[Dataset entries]
Lemma Lmu_root_quadratic_bound {c d} l : 0 < d -> Lmu P d = c%:E -> 0 <= l ->
  (mu_moment P 3 < +oo)%E ->
  ((4 * d + 4 * l * c)%:E <=
   (fine (mu_moment P 3) + 4 * d * c + 2 * l)%:E + (l ^+ 2)%:E * mu_moment P 1)%E.
Proof.
move=> d0 Ldc l0 m3_fin; have d_ge0 := ltW d0.
have g_ge0 x : D x -> 0 <= Num.min 1 (d / x) by move=> /D_gt0; exact: min1_div_ge0.
have x_ge0 x : D x -> 0 <= x by move=> /D_gt0 /ltW.
have xV_ge0 x : D x -> 0 <= x^-1 by move=> /D_gt0 /ltW; rewrite invr_ge0.
have : (\int[P]_(x in D) (4 * d * 1 + 4 * l * Num.min 1 (d / x))%:E <=
        \int[P]_(x in D) ((1 * x + 4 * d * Num.min 1 (d / x))%:E +
                          (2 * l * 1 + l ^+ 2 * x^-1)%:E))%E.
  apply: ge0_le_integral => //.
  - by move=> x Dx; rewrite lee_fin addr_ge0 ?mulr_ge0 ?g_ge0.
  - by apply/measurable_EFinP; apply: measurable_funD; apply: measurable_funM.
  - by apply: emeasurable_funD; apply/measurable_EFinP; apply: measurable_funD;
      apply: measurable_funM.
  - move=> x /D_gt0 x0; rewrite -EFinD lee_fin.
    exact: min1_div_amgm_shift.
rewrite ge0_integralD //; first last.
- by apply/measurable_EFinP; apply: measurable_funD; apply: measurable_funM.
- by move=> x Dx; rewrite lee_fin addr_ge0 ?mulr_ge0 ?(xV_ge0 _ Dx).
- by apply/measurable_EFinP; apply: measurable_funD; apply: measurable_funM.
- by move=> x Dx; rewrite lee_fin addr_ge0 ?mulr_ge0 ?(x_ge0 _ Dx) ?(g_ge0 _ Dx).
rewrite !ge0_integral_lincomb ?sqr_ge0 ?mulr_ge0 //.
rewrite !integral_cst_D -mu_moment3E -mu_moment1E -/(Lmu P d) Ldc.
by rewrite {1}(mu_moment3_finE m3_fin) mul1e !mule1 -!EFinM -!EFinD addeA -!EFinD.
Qed.

Lemma Lmu_root_le_large c d : 1 <= 2 * c -> c < 1 -> 0 < d -> Lmu P d = c%:E ->
  (mu_moment P 3 < +oo)%E ->
  d <= (fine (mu_moment P 3) -
        match mu_moment P 1 with r%:E => (2 * c - 1) ^+ 2 / r | _ => 0 end) /
       (4 * (1 - c)).
Proof.
move=> c2 c1 d0 Ldc m3_fin; rewrite ler_pdivlMr; last by lra.
have bound l := Lmu_root_quadratic_bound l d0 Ldc^~ m3_fin.
case E1 : (mu_moment P 1) (mu_moment_ge0 1) => [r| |] // r_ge0.
  (* the optimal l; for r = 0 it is 0, matching the junk value of delta_star *)
  pose l := (2 * c - 1) / r.
  have := bound l; rewrite E1 -EFinM -EFinD lee_fin.
  have l_ge0 : 0 <= l by rewrite divr_ge0 // subr_ge0.
  have lr : l ^+ 2 * r = (2 * c - 1) ^+ 2 / r by rewrite sqr_div_mulr.
  have lc : l * (2 * c - 1) = (2 * c - 1) ^+ 2 / r by rewrite mulrAC -expr2.
  move=> /(_ l_ge0); lra.
by have := bound 0; rewrite E1 expr0n mul0e adde0 lee_fin mulr0 => /(_ (lexx 0)); lra.
Qed.

End Lmu_properties.

Theorem theorem1 (R : realType) (P : probability R R)
  (hP : P `]0%R, +oo[%classic = 1%E) (c : R) (hc0 : 0 < c) (hc1 : c < 1) :
  (exists! d : R, 0 < d /\ Lmu P d = c%:E) /\
  (forall d : R, 0 < d -> Lmu P d = c%:E ->
     (mu_moment P 3 < +oo)%E -> d <= delta_star P c).
Proof.
split.
  have [d d0 Ldc] := Lmu_root_exists hP hc0 hc1.
  by exists d; split => // d' [d'0 Ld'c]; exact: (Lmu_root_unique hP hc1 d0 d'0).
move=> d d0 Ldc m3_fin; rewrite /delta_star.
case: ifP => [c_le|/negbT]; first by apply: Lmu_root_le_small => //; lra.
by rewrite -ltNge => c_gt; apply: Lmu_root_le_large => //; lra.
Qed.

## Exercise description
Retype exactly the line with "(mu_moment P 3 < +oo)%E -> d" and each line after it until the records end, and include no other line.

## Final answer
     (mu_moment P 3 < +oo)%E -> d <= delta_star P c).
Proof.
split.
  have [d d0 Ldc] := Lmu_root_exists hP hc0 hc1.
  by exists d; split => // d' [d'0 Ld'c]; exact: (Lmu_root_unique hP hc1 d0 d'0).
move=> d d0 Ldc m3_fin; rewrite /delta_star.
case: ifP => [c_le|/negbT]; first by apply: Lmu_root_le_small => //; lra.
by rewrite -ltNge => c_gt; apply: Lmu_root_le_large => //; lra.
Qed.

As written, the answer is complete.